(* Let $N\ge2$ and $\sigma_1,\dots,\sigma_N>0$. Let $R$ be the $(N-1)\times(N-1)$ tridiagonal matrix with $R_{ii}=1$, $R_{i,i+1}=R_{i+1,i}=-1/2$ (other entries $0$), and $A$ the $(N-1)\times(N-1)$ tridiagonal matrix with $A_{ii}=\sigma_i^2+\sigma_{i+1}^2$, $A_{i,i+1}=A_{i+1,i}=-\sigma_{i+1}^2$ (other entries $0$). Then for $1\le k\le l\le N-1$, $$(R^{-1}AR^{-1})_{kl}=\frac{4(N-k)(N-l)}{N^2}\sum_{p=1}^k\sigma_p^2-\frac{4k(N-l)}{N^2}\sum_{p=k+1}^l\sigma_p^2+\frac{4kl}{N^2}\sum_{p=l+1}^N\sigma_p^2.$$ *)

From mathcomp Require Import all_boot all_order all_algebra.
Set Implicit Arguments. Unset Strict Implicit. Unset Printing Implicit Defensive.
Import Order.TTheory GRing.Theory Num.Theory.
Local Open Scope ring_scope.

(* Matrices of size (N-1)x(N-1), indexed 0-based by 'I_(N.-1):
   0-based index i corresponds to the paper's 1-based index i+1.
   sigma is indexed 1-based: sigma 1, ..., sigma N. *)

Definition Rmat (F : fieldType) (n : nat) : 'M[F]_n :=
  \matrix_(i < n, j < n)
    (if i == j then 1
     else if ((i.+1 == j) || (j.+1 == i))%N then - (1 / 2%:R) else 0).

Definition Amat (F : fieldType) (n : nat) (sigma : nat -> F) : 'M[F]_n :=
  \matrix_(i < n, j < n)
    (if i == j then sigma i.+1 ^+ 2 + sigma i.+2 ^+ 2
     else if (i.+1 == j)%N then - sigma j.+1 ^+ 2
     else if (j.+1 == i)%N then - sigma i.+1 ^+ 2
     else 0).

From mathcomp Require Import all_boot all_order all_algebra.
From mathcomp Require Import ring zify.
Set Implicit Arguments.
Unset Strict Implicit.
Unset Printing Implicit Defensive.

Import Order.TTheory GRing.Theory Num.Theory.
Local Open Scope ring_scope.

(* Let Δ be the N x (N-1) difference matrix (Δ_{jj} = 1, Δ_{j+1,j} = -1) and
   S = diag(σ_1², ..., σ_N²). Then R = ½ ΔᵀΔ and A = ΔᵀSΔ, so
   R⁻¹AR⁻¹ = (ΔR⁻¹)ᵀ S (ΔR⁻¹). Let Q ([cstep_mx]) be the matrix whose column k
   is the indicator of the first k points minus its mean. Then ΔᵀQ = 1 and
   QΔᵀ = 1 - J/N with JΔ = 0 (J the all-ones matrix), whence QR = ½Δ, R is
   invertible and ΔR⁻¹ = 2Q.
   Below N = n + 1 and all indices are 0-based. *)

Lemma sum_mul_delta (R : pzSemiRingType) m (f : nat -> R) (i : nat) :
  \sum_(p < m) f p * (p == i :> nat)%:R = if (i < m)%N then f i else 0.
Proof.
under eq_bigr do rewrite mulr_natr mulrb.
by rewrite -big_mkcond big_ord1_eq.
Qed.

Lemma natr_leq_sub_ltn (R : pzRingType) (p q : nat) :
  ((p <= q)%N)%:R - ((p < q)%N)%:R = (p == q)%:R :> R.
Proof. by rewrite leq_eqVlt; case: eqP => [->|_]; rewrite ?ltnn ?subr0 ?subrr. Qed.

Section Difference.
Variables (F : numFieldType) (n : nat).

Definition diff_coef (p j : nat) : F := (p == j)%:R - (p == j.+1)%:R.

Definition diff_mx : 'M[F]_(n.+1, n) := \matrix_(p, j) diff_coef p j.

Lemma sum_col_diff_coef (f : nat -> F) (j : 'I_n) :
  \sum_(p < n.+1) diff_coef p j * f p = f j - f j.+1.
Proof.
under eq_bigr do rewrite mulrC mulrBr.
by rewrite sumrB !sum_mul_delta !ltnS ltn_ord ltnW.
Qed.

Lemma sum_row_diff_coef (g : nat -> F) (q : 'I_n.+1) :
  g 0%N = 0 -> g n.+1 = 0 ->
  \sum_(j < n) g j.+1 * diff_coef q j = g q.+1 - g q.
Proof.
move=> g0 gn; under eq_bigr do rewrite mulrBr !(eq_sym (q : nat)).
rewrite sumrB (sum_mul_delta _ (fun j => g j.+1)).
have shift : \sum_(j < n) g j.+1 * (j.+1 == q :> nat)%:R
             = \sum_(c < n.+1) g c * (c == q :> nat)%:R.
  by rewrite big_ord_recl g0 mul0r add0r.
rewrite shift sum_mul_delta ltn_ord.
case: ltnP => // qn; suff -> : q = n :> nat by rewrite gn.
by apply/eqP; rewrite eqn_leq qn andbT -ltnS.
Qed.

Lemma tr_diff_diag_diffE (w : nat -> F) (i j : 'I_n) :
  (diff_mx^T *m diag_mx (\row_(p < n.+1) w p) *m diff_mx) i j =
  if i == j then w i + w i.+1
  else if (i.+1 == j)%N then - w j
  else if (j.+1 == i)%N then - w i
  else 0.
Proof.
rewrite -mulmxA mul_diag_mx mxE.
under eq_bigr do rewrite !mxE.
rewrite (sum_col_diff_coef (fun p => w p * diff_coef p j)) /diff_coef -val_eqE /=.
case: (ltngtP i j) => [lt|gt|<-].
- rewrite eqSS (ltn_eqF lt).
  have -> : (i == j.+1 :> nat) = false by lia.
  have -> : (j.+1 == i)%N = false by lia.
  by case: eqP => [<-|_] /=; ring.
- rewrite eqSS (gtn_eqF gt) [(i == _.+1 :> nat)]eq_sym.
  have -> : (i.+1 == j)%N = false by lia.
  by case: eqP => [<-|_] /=; ring.
- rewrite eqxx (ltn_eqF (ltnSn i)) (gtn_eqF (ltnSn i)) /=; ring.
Qed.

Definition cstep (p c : nat) : F := ((p < c)%N)%:R - c%:R / n.+1%:R.

Definition cstep_mx : 'M[F]_(n.+1, n) := \matrix_(p, k) cstep p k.+1.

Lemma cstep_lt p c : (p < c)%N -> cstep p c = 1 - c%:R / n.+1%:R.
Proof. by rewrite /cstep => ->. Qed.

Lemma cstep_ge p c : (c <= p)%N -> cstep p c = - (c%:R / n.+1%:R).
Proof. by rewrite /cstep ltnNge => ->; rewrite sub0r. Qed.

Lemma tr_diff_mx_cstep : diff_mx^T *m cstep_mx = 1%:M.
Proof.
apply/matrixP => j k; rewrite !mxE.
under eq_bigr do rewrite !mxE.
rewrite (sum_col_diff_coef (fun p => cstep p k.+1)) /cstep addrAC opprD addrA subrK.
by rewrite !ltnS natr_leq_sub_ltn.
Qed.

Lemma cstep_mx_tr_diff :
  cstep_mx *m diff_mx^T = 1%:M - (n.+1%:R)^-1 *: const_mx 1.
Proof.
apply/matrixP => p q; rewrite !mxE.
under eq_bigr do rewrite !mxE.
rewrite sum_row_diff_coef; last 2 first.
- by rewrite /cstep mul0r subr0.
- by rewrite /cstep ltn_ord divff ?subrr // pnatr_eq0.
have -> : cstep p q.+1 - cstep p q
          = ((p < q.+1)%N)%:R - ((p < q)%N)%:R - n.+1%:R^-1.
  by rewrite /cstep -(natr1 q); ring.
by rewrite ltnS natr_leq_sub_ltn mulr1.
Qed.

Lemma const_mx_diff m : const_mx 1 *m diff_mx = 0 :> 'M_(m, n).
Proof.
apply/matrixP => i j; rewrite !mxE.
under eq_bigr do rewrite !mxE mulrC.
by rewrite (sum_col_diff_coef (fun=> 1)) subrr.
Qed.

Lemma Rmat_tr_diff : Rmat F n = 2^-1 *: (diff_mx^T *m diff_mx).
Proof.
have := tr_diff_diag_diffE (fun=> 1).
rewrite (_ : \row_p 1 = const_mx 1); last by apply/matrixP => ? ?; rewrite !mxE.
rewrite diag_const_mx mulmx1 => tr_diff.
apply/matrixP => i j; rewrite [LHS]mxE [RHS]mxE tr_diff.
case: (i == j); first by rewrite mulVf // pnatr_eq0.
by case: (i.+1 == j)%N; last case: (j.+1 == i)%N; rewrite /= ?mulr0 // mulrN1 div1r.
Qed.

Lemma Amat_tr_diff (sigma : nat -> F) :
  Amat n sigma = diff_mx^T *m diag_mx (\row_p sigma p.+1 ^+ 2) *m diff_mx.
Proof.
by apply/matrixP => i j; rewrite (tr_diff_diag_diffE (fun p => sigma p.+1 ^+ 2)) mxE.
Qed.

Lemma trmx_Rmat : (Rmat F n)^T = Rmat F n.
Proof. by apply/matrixP => i j; rewrite !mxE eq_sym orbC. Qed.

Lemma cstep_mx_Rmat : cstep_mx *m Rmat F n = 2^-1 *: diff_mx.
Proof.
rewrite Rmat_tr_diff -scalemxAr mulmxA cstep_mx_tr_diff mulmxBl mul1mx.
by rewrite -scalemxAl const_mx_diff scaler0 subr0.
Qed.

Lemma Rmat_unit : Rmat F n \in unitmx.
Proof.
suff /mulmx1_unit[] : (2 *: (cstep_mx^T *m cstep_mx)) *m Rmat F n = 1%:M by [].
rewrite -scalemxAl -mulmxA cstep_mx_Rmat -scalemxAr -[diff_mx]trmxK -trmx_mul.
by rewrite tr_diff_mx_cstep trmx1 scalerA mulfV ?scale1r // pnatr_eq0.
Qed.

Lemma diff_mx_invRmat : diff_mx *m invmx (Rmat F n) = 2 *: cstep_mx.
Proof.
rewrite -(mulmxK Rmat_unit cstep_mx) cstep_mx_Rmat -scalemxAl scalerA.
by rewrite mulfV ?scale1r // pnatr_eq0.
Qed.

Lemma invRmat_Amat_invRmat (sigma : nat -> F) :
  invmx (Rmat F n) *m Amat n sigma *m invmx (Rmat F n)
  = 4 *: (cstep_mx^T *m diag_mx (\row_p sigma p.+1 ^+ 2) *m cstep_mx).
Proof.
have tr_diff_invR : invmx (Rmat F n) *m diff_mx^T = 2 *: cstep_mx^T.
  by rewrite -[LHS]trmxK trmx_mul trmxK trmx_inv trmx_Rmat diff_mx_invRmat linearZ.
rewrite Amat_tr_diff !mulmxA tr_diff_invR -!mulmxA diff_mx_invRmat.
by rewrite -scalemxAl -!scalemxAr scalerA mulmxA -natrM.
Qed.

Lemma tr_cstep_diag_cstepE (w : nat -> F) (k l : 'I_n) : (k <= l)%N ->
  (cstep_mx^T *m diag_mx (\row_p w p) *m cstep_mx) k l =
    (1 - k.+1%:R / n.+1%:R) * (1 - l.+1%:R / n.+1%:R) * \sum_(0 <= p < k.+1) w p
    - k.+1%:R / n.+1%:R * (1 - l.+1%:R / n.+1%:R) * \sum_(k.+1 <= p < l.+1) w p
    + k.+1%:R / n.+1%:R * (l.+1%:R / n.+1%:R) * \sum_(l.+1 <= p < n.+1) w p.
Proof.
move=> le_kl; have lt_ln := ltn_ord l.
have on_range (c : F) m1 m2 :
    (forall p, (m1 <= p < m2)%N -> cstep p k.+1 * cstep p l.+1 = c) ->
    \sum_(m1 <= p < m2) cstep p k.+1 * w p * cstep p l.+1
    = c * \sum_(m1 <= p < m2) w p.
  by move=> cE; rewrite mulr_sumr; apply: eq_big_nat => p /cE <-; ring.
rewrite -mulmxA mul_diag_mx mxE.
under eq_bigr do rewrite !mxE mulrA.
rewrite -(big_mkord xpredT (fun p => cstep p k.+1 * w p * cstep p l.+1)).
rewrite (@big_cat_nat _ _ _ k.+1) //=; last lia.
rewrite (@big_cat_nat _ _ _ l.+1 k.+1 n.+1) //=; try lia.
set a := k.+1%:R / n.+1%:R; set b := l.+1%:R / n.+1%:R.
rewrite (on_range ((1 - a) * (1 - b)) 0 k.+1); last first.
  by move=> p /andP[_ ?]; rewrite !cstep_lt //; lia.
rewrite (on_range (- (a * (1 - b))) k.+1 l.+1); last first.
  by move=> p /andP[? ?]; rewrite cstep_ge ?cstep_lt ?mulNr //; lia.
rewrite (on_range (a * b) l.+1 n.+1); last first.
  by move=> p /andP[? _]; rewrite !cstep_ge ?mulrNN //; lia.
by rewrite mulNr addrA.
Qed.

End Difference.

Theorem lemma4p5 (F : realFieldType) (N : nat) (sigma : nat -> F)
  (hN : (2 <= N)%N)
  (hsigma : forall p : nat, (1 <= p <= N)%N -> 0 < sigma p)
  (k l : 'I_(N.-1)) (hkl : (k <= l)%N) :
  (invmx (Rmat F N.-1) *m Amat N.-1 sigma *m invmx (Rmat F N.-1)) k l =
    (4 * ((N - k.+1)%N)%:R * ((N - l.+1)%N)%:R / (N ^ 2)%:R)
      * (\sum_(1 <= p < k.+2) sigma p ^+ 2)
    - (4 * (k.+1)%:R * ((N - l.+1)%N)%:R / (N ^ 2)%:R)
      * (\sum_(k.+2 <= p < l.+2) sigma p ^+ 2)
    + (4 * (k.+1)%:R * (l.+1)%:R / (N ^ 2)%:R)
      * (\sum_(l.+2 <= p < N.+1) sigma p ^+ 2).
Proof.
case: N hN hsigma k l hkl => [//|n] _ _ /= k l le_kl.
have lt_ln := ltn_ord l.
rewrite invRmat_Amat_invRmat mxE (tr_cstep_diag_cstepE (fun p => sigma p.+1 ^+ 2)) //.
rewrite !big_add1 /= natrX !natrB; try lia.
by field; rewrite addrC natr1 pnatr_eq0.
Qed.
________________
**EXERCISE INSTRUCTIONS:**
Please copy each line of the entries in which the word "scalemxAl" shows up.

**EXERCISE RESULT:**
by rewrite -scalemxAl const_mx_diff scaler0 subr0.
rewrite -scalemxAl -mulmxA cstep_mx_Rmat -scalemxAr -[diff_mx]trmxK -trmx_mul.
rewrite -(mulmxK Rmat_unit cstep_mx) cstep_mx_Rmat -scalemxAl scalerA.
by rewrite -scalemxAl -!scalemxAr scalerA mulmxA -natrM.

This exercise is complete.